Provided information below:
Lemma Cube_closed_of_M_closed (C : Category) (M : SEMatrix) (n' : nat) :
  finitely_complete C -> has_blocking_rows M n' ->
  has_M_closed_relations C M -> has_M_closed_relations C (Cube n').
Proof.
move=> fcC [idx blocking] M_closed A P pr R r P_pow r_mono B f cube_cols.
have [E [pi E_pow]] := finitely_complete_power fcC P (rows M).
have [g [g_pr _]] := P_pow E (fun a => comp (pr a) (pi (idx a))).
have [S [s [t S_pb]]] := fcC.2 _ _ _ g r.
have S_closed := M_closed P E pi S s E_pow (pullback_mono S_pb r_mono).
pose x2 : 'I_2 := inord 1.
have [F F_pr] : exists F : 'I_(nvars M) -> Hom B P, forall v a,
    comp (pr a) (F v) = if v == rcol M (idx a) then f ord0 else f x2.
  apply: (@fin_all_exists _ (fun=> Hom B P)
    (fun v u => forall a, comp (pr a) u = if v == rcol M (idx a) then f ord0 else f x2)) => v.
  by have [u [Hu _]] := P_pow B (fun a => if v == rcol M (idx a) then f ord0 else f x2); exists u.
have [|h Hh] := S_closed B F.
  move=> j; have [u [u_pi _]] := E_pow B (fun i => F (ent M i j)).
  have [c Hc] := Cube_column (blocking j).
  have [hc Hhc] := cube_cols c.
  have [hs [s_hs _]] : exists hs, comp s hs = u /\ comp t hs = hc.
    apply: pullback_lift S_pb _; apply: (power_homE P_pow) => a.
    rewrite comp_assoc g_pr -comp_assoc u_pi F_pr Hhc Hc.
    by case: eqP.
  by exists hs => i; rewrite s_hs u_pi.
exists (comp t h) => a.
by rewrite (comp_assoc r) -S_pb.1 !comp_assoc g_pr -!comp_assoc Hh F_pr eqxx.
Qed.

(** * Varieties *)

Lemma dep_functional_choice (I : Type) (U : I -> Type) (P : forall i, U i -> Prop) :
  (forall i, exists u, P i u) -> exists f : forall i, U i, forall i, P i (f i).
Proof.
move=> H; exists (fun i => proj1_sig (constructive_indefinite_description _ (H i))).
by move=> i; exact: proj2_sig (constructive_indefinite_description _ (H i)).
Qed.

Section Variety.
Variable T : eq_theory.
Local Notation Sg := (eq_sig T).
Local Notation VC := (VarietyCat T).

Lemma teval_hom (X : Type) (opsX : forall o : sop Sg, ('I_(sar o) -> X) -> X)
    (B : valgebra T) (phi : X -> acar B) :
  (forall o args, phi (opsX o args) = aop B o (fun i => phi (args i))) ->
  forall rho (t : term Sg), phi (teval opsX rho t) = teval (aop B) (fun n => phi (rho n)) t.
Proof.
move=> phi_hom rho; elim=> [n|o args IH] //=; rewrite phi_hom; congr (aop B o).
by apply: functional_extensionality => i; exact: IH.
Qed.

(* Operations on X that are jointly injectively mapped, homomorphically, into
   algebras of the variety satisfy its equations: this covers subalgebras of
   products, hence pullbacks, powers and images. *)
Definition induced_valgebra (X : Type) (opsX : forall o : sop Sg, ('I_(sar o) -> X) -> X)
    (I : Type) (A : I -> valgebra T) (phi : forall i, X -> acar (A i))
    (phi_hom : forall i o args, phi i (opsX o args) = aop (A i) o (fun k => phi i (args k)))
    (phi_inj : forall x y, (forall i, phi i x = phi i y) -> x = y) : valgebra T.
Proof.
refine (@VAlg T X opsX _) => e rho; apply: phi_inj => i.
by rewrite !(teval_hom (phi_hom i)) asat.
Defined.

Definition mkhom (A B : valgebra T) (h : acar A -> acar B)
    (h_hom : forall o args, h (aop A o args) = aop B o (fun i => h (args i))) :
  Hom (c := VC) A B := @VHom T A B h h_hom.

Lemma hom_ext (A B : valgebra T) (f g : Hom (c := VC) A B) :
  (forall x, vhfun f x = vhfun g x) -> f = g.
Proof. by move=> H; apply: vhom_eq; apply: functional_extensionality. Qed.

Lemma hom_eqP (A B : valgebra T) (f g : Hom (c := VC) A B) :
  f = g -> forall x, vhfun f x = vhfun g x.
Proof. by move=> ->. Qed.

Lemma vhfun_comp (A B D : valgebra T) (g : Hom (c := VC) B D) (f : Hom (c := VC) A B) x :
  vhfun (comp g f) x = vhfun g (vhfun f x).
Proof. by []. Qed.

Definition unit_valg : valgebra T.
Proof.
by refine (@VAlg T unit (fun _ _ => tt) _) => *; case: (teval _ _ _); case: (teval _ _ _).
Defined.

Lemma unit_valg_terminal : is_terminal (C := VC) unit_valg.
Proof.
move=> X; exists (@mkhom X unit_valg (fun _ => tt) (fun _ _ => erefl)) => g.
by apply: hom_ext => x; case: (vhfun g x).
Qed.

Section Pullback.
Variables (A B D : valgebra T) (f : Hom (c := VC) A D) (g : Hom (c := VC) B D).

Definition pb_car := {p : acar A * acar B | vhfun f p.1 = vhfun g p.2}.

Definition pb_op (o : sop Sg) (args : 'I_(sar o) -> pb_car) : pb_car.
Proof.
refine (exist _ (aop A o (fun i => (proj1_sig (args i)).1),
                 aop B o (fun i => (proj1_sig (args i)).2)) _).
rewrite /= !vhmor; congr (aop D o); apply: functional_extensionality => i.
exact: proj2_sig (args i).
Defined.

Definition pb_proj (b : bool) : pb_car -> acar (if b then A else B) :=
  if b as b' return pb_car -> acar (if b' then A else B)
  then fun x => (proj1_sig x).1 else fun x => (proj1_sig x).2.

Lemma pb_inj (x y : pb_car) : (forall b, pb_proj b x = pb_proj b y) -> x = y.
Proof.
move: x y => [[x1 x2] Hx] [[y1 y2] Hy] H.
have /= E1 := H true; have /= E2 := H false; subst.
by congr exist; apply: proof_irrelevance.
Qed.

Definition pb_valg : valgebra T.
Proof.
by refine (@induced_valgebra pb_car pb_op bool (fun b => if b then A else B) pb_proj _ pb_inj);
  case.
Defined.

Definition pb1 : Hom (c := VC) pb_valg A :=
  @mkhom pb_valg A (fun x => (proj1_sig x).1) (fun _ _ => erefl).
Definition pb2 : Hom (c := VC) pb_valg B :=
  @mkhom pb_valg B (fun x => (proj1_sig x).2) (fun _ _ => erefl).

Lemma pb_valg_pullback : is_pullback (C := VC) f g pb1 pb2.
Proof.
split=> [|Q q1 q2 Hq]; first by apply: hom_ext => x; exact: proj2_sig x.
pose u (x : acar Q) : pb_car := exist _ (vhfun q1 x, vhfun q2 x) (hom_eqP Hq x).
have u_hom o args : u (aop Q o args) = aop pb_valg o (fun i => u (args i)).
  by apply: pb_inj; case; rewrite /= vhmor.
exists (@mkhom Q pb_valg u u_hom); split; first by split; apply: hom_ext.
move=> v Hv1 Hv2; apply: hom_ext => x; apply: pb_inj.
by case; rewrite /= -?Hv1 -?Hv2.
Qed.

End Pullback.

Lemma pullback_cover (A B D P : valgebra T) (f : Hom (c := VC) A D) (g : Hom (c := VC) B D)
    (p1 : Hom (c := VC) P A) (p2 : Hom (c := VC) P B) :
  is_pullback f g p1 p2 -> forall a b, vhfun f a = vhfun g b ->
  exists x, vhfun p1 x = a /\ vhfun p2 x = b.
Proof.
move=> Hpb a b Hab.
have [w [w1 w2]] := pullback_lift Hpb (pb_valg_pullback f g).1.
by exists (vhfun w (exist _ (a, b) Hab)); rewrite -!vhfun_comp w1 w2.
Qed.

Lemma variety_finitely_complete : finitely_complete VC.
Proof.
split; first by exists unit_valg; exact: unit_valg_terminal.
by move=> A B D f g; exists (pb_valg f g), (pb1 f g), (pb2 f g); exact: pb_valg_pullback.
Qed.

Section Power.
Variables (A : valgebra T) (n : nat).

Definition pow_valg : valgebra T :=
  @induced_valgebra ('I_n -> acar A) (fun o args a => aop A o (fun k => args k a))
    'I_n (fun=> A) (fun a x => x a) (fun _ _ _ => erefl)
    (fun x y H => functional_extensionality _ _ H).

Definition pow_proj (a : 'I_n) : Hom (c := VC) pow_valg A :=
  @mkhom pow_valg A (fun x => x a) (fun _ _ => erefl).

Definition pow_tuple (B : valgebra T) (fs : 'I_n -> Hom (c := VC) B A) :
  Hom (c := VC) B pow_valg.
Proof.
refine (@mkhom B pow_valg (fun x a => vhfun (fs a) x) _) => o args.
by apply: functional_extensionality => a /=; rewrite vhmor.
Defined.

Lemma pow_valg_power : is_power pow_proj.
Proof.
move=> B fs; exists (pow_tuple fs); split=> [a|v Hv]; first exact: hom_ext.
apply: hom_ext => x; apply: functional_extensionality => a.
by rewrite /= -(Hv a).
Qed.

End Power.

Section Subalgebra.
Variables (B : valgebra T) (S : acar B -> Prop).
Hypothesis S_closed : forall o args, (forall k, S (args k)) -> S (aop B o args).

Definition sub_car := {x : acar B | S x}.

Lemma sub_inj (x y : sub_car) : (forall _ : unit, proj1_sig x = proj1_sig y) -> x = y.
Proof.
move: x y => [x Hx] [y Hy] /(_ tt) /= E; subst.
by congr exist; apply: proof_irrelevance.
Qed.

Definition sub_valg : valgebra T :=
  @induced_valgebra sub_car
    (fun o args => exist _ (aop B o (fun k => proj1_sig (args k)))
                           (S_closed (fun k => proj2_sig (args k))))
    unit (fun=> B) (fun _ x => proj1_sig x) (fun _ _ _ => erefl) sub_inj.

Definition sub_incl : Hom (c := VC) sub_valg B :=
  @mkhom sub_valg B (fun x => proj1_sig x) (fun _ _ => erefl).

Definition sub_corestr (A : valgebra T) (w : Hom (c := VC) A B)
    (wS : forall x, S (vhfun w x)) : Hom (c := VC) A sub_valg.
Proof.
refine (@mkhom A sub_valg (fun x => exist _ (vhfun w x) (wS x)) _) => o args.
by apply: sub_inj => _ /=; rewrite vhmor.
Defined.

End Subalgebra.

Lemma injective_mono (A B : valgebra T) (r : Hom (c := VC) A B) :
  (forall x y, vhfun r x = vhfun r y -> x = y) -> is_mono r.
Proof. by move=> r_inj X u v E; apply: hom_ext => x; apply: r_inj; rewrite -!vhfun_comp E. Qed.

Lemma mono_injective (A B : valgebra T) (r : Hom (c := VC) A B) :
  is_mono r -> forall x y, vhfun r x = vhfun r y -> x = y.
Proof.
move=> r_mono x y Exy.
have /hom_eqP E := r_mono _ _ _ (pb_valg_pullback r r).1.
exact: E (exist _ (x, y) Exy).
Qed.

Lemma power_jointly_injective (A P : valgebra T) n (pr : 'I_n -> Hom (c := VC) P A) :
  is_power pr -> forall x y, (forall i, vhfun (pr i) x = vhfun (pr i) y) -> x = y.
Proof.
move=> P_pow x y Exy.
have [u [u_pr _]] := P_pow _ (@pow_proj A n).
have wu : comp u (pow_tuple pr) = idm (c := VC) P.
  by apply: (power_homE P_pow) => i; rewrite comp_assoc u_pr comp_idr; apply: hom_ext.
rewrite -[x](hom_eqP wu) -[y](hom_eqP wu) !vhfun_comp; congr (vhfun u _).
exact: functional_extensionality.
Qed.

Section Image.
Variables (A B : valgebra T) (f : Hom (c := VC) A B).

Definition in_image (y : acar B) : Prop := exists a, vhfun f a = y.

Lemma in_image_closed o args : (forall k, in_image (args k)) -> in_image (aop B o args).
Proof.
move=> /dep_functional_choice [pre Hpre]; exists (aop A o pre); rewrite vhmor; congr (aop B o).
exact: functional_extensionality.
Qed.

Definition image_valg : valgebra T := sub_valg in_image_closed.

Definition image_map : Hom (c := VC) A image_valg :=
  sub_corestr in_image_closed (fun a => ex_intro _ a erefl).

Lemma image_map_surjective y : exists a, vhfun image_map a = y.
Proof. by case: y => y [a Ha]; exists a; apply: sub_inj => _ /=. Qed.

End Image.

Lemma coequalizer_of_surjective (A B K : valgebra T) (q : Hom (c := VC) A B)
    (a b : Hom (c := VC) K A) :
  (forall y, exists x, vhfun q x = y) -> comp q a = comp q b ->
  (forall x y, vhfun q x = vhfun q y -> exists k, vhfun a k = x /\ vhfun b k = y) ->
  is_coequalizer a b q.
Proof.
move=> /dep_functional_choice [pre q_pre] qab ker_cover; split=> // Z z /hom_eqP zab.
have z_ker x y : vhfun q x = vhfun q y -> vhfun z x = vhfun z y.
  by move=> /ker_cover [k [<- <-]]; exact: zab.
have zpre_hom o args :
    vhfun z (pre (aop B o args)) = aop Z o (fun i => vhfun z (pre (args i))).
  rewrite -vhmor; apply: z_ker; rewrite q_pre vhmor; congr (aop B o).
  by apply: functional_extensionality => i; rewrite q_pre.
exists (@mkhom B Z (fun y => vhfun z (pre y)) zpre_hom); split.
  by apply: hom_ext => x /=; apply: z_ker; rewrite q_pre.
move=> v Hv; apply: hom_ext => y /=.
by rewrite -{1}(q_pre y) -vhfun_comp Hv.
Qed.

Lemma regular_epi_surjective (A B : valgebra T) (e : Hom (c := VC) A B) :
  is_regular_epi e -> forall y, exists x, vhfun e x = y.
Proof.
move=> [R [a [b [eab e_univ]]]].
have image_ab : comp (image_map e) a = comp (image_map e) b.
  by apply: hom_ext => x; apply: sub_inj => _; exact: hom_eqP eab x.
have [u [u_e _]] := e_univ _ _ image_ab.
have [v [_ e_unique]] := e_univ _ _ eab.
have incl_u : comp (sub_incl (@in_image_closed A B e)) u = idm (c := VC) B.
  rewrite (e_unique (comp (sub_incl _) u)); last by rewrite -comp_assoc u_e; apply: hom_ext.
  by rewrite (e_unique (idm (c := VC) B)) // comp_idl.
by move=> y; have /= <- := hom_eqP incl_u y; exact: proj2_sig (vhfun u y).
Qed.

Lemma variety_regular : regular VC.
Proof.
split; first exact: variety_finitely_complete.
split=> [A B f K k1 k2 Hpb | A B D e g P p1 p2 /regular_epi_surjective e_surj Hpb].
  exists (image_valg f), (image_map f); apply: coequalizer_of_surjective.
  - exact: image_map_surjective.
  - by apply: hom_ext => x; apply: sub_inj => _; exact: hom_eqP Hpb.1 x.
  - by move=> x y /(f_equal (@proj1_sig _ _)); exact: (pullback_cover Hpb).
exists (pb_valg p2 p2), (pb1 p2 p2), (pb2 p2 p2); apply: coequalizer_of_surjective.
- move=> y; have [x Hx] := e_surj (vhfun g y).
  by have [w [_ Hw]] := pullback_cover Hpb Hx; exists w.
- exact: (pb_valg_pullback p2 p2).1.
- by move=> x y Exy; exists (exist _ (x, y) Exy).
Qed.

End Variety.

(** * The pointed variety V_M *)

Section PointedVM.
Variable M : SEMatrix.

(* V_M extended by a constant (operation [false]; [true] is p), which makes
   the variety pointed as soon as M has a row. *)
Definition VM0_sig : signature := @Sig bool (fun b => if b then lcols M else 0).

Definition VM0_theory : eq_theory :=
  @EqTh VM0_sig 'I_(rows M)
    (fun i => @tapp VM0_sig true (fun j : 'I_(lcols M) => tvar VM0_sig (ent M i j)))
    (fun i => tvar VM0_sig (rcol M i)).

Local Notation VC := (VarietyCat VM0_theory).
End of Provided information.
## Your instructions
Above are the records; print exactly the lines from the line with "split=> [|Q q1" to the line with "(p1 : Hom (c", including both, and nothing else.

## Answer box
split=> [|Q q1 q2 Hq]; first by apply: hom_ext => x; exact: proj2_sig x.
pose u (x : acar Q) : pb_car := exist _ (vhfun q1 x, vhfun q2 x) (hom_eqP Hq x).
have u_hom o args : u (aop Q o args) = aop pb_valg o (fun i => u (args i)).
  by apply: pb_inj; case; rewrite /= vhmor.
exists (@mkhom Q pb_valg u u_hom); split; first by split; apply: hom_ext.
move=> v Hv1 Hv2; apply: hom_ext => x; apply: pb_inj.
by case; rewrite /= -?Hv1 -?Hv2.
Qed.

End Pullback.

Lemma pullback_cover (A B D P : valgebra T) (f : Hom (c := VC) A D) (g : Hom (c := VC) B D)
    (p1 : Hom (c := VC) P A) (p2 : Hom (c := VC) P B) :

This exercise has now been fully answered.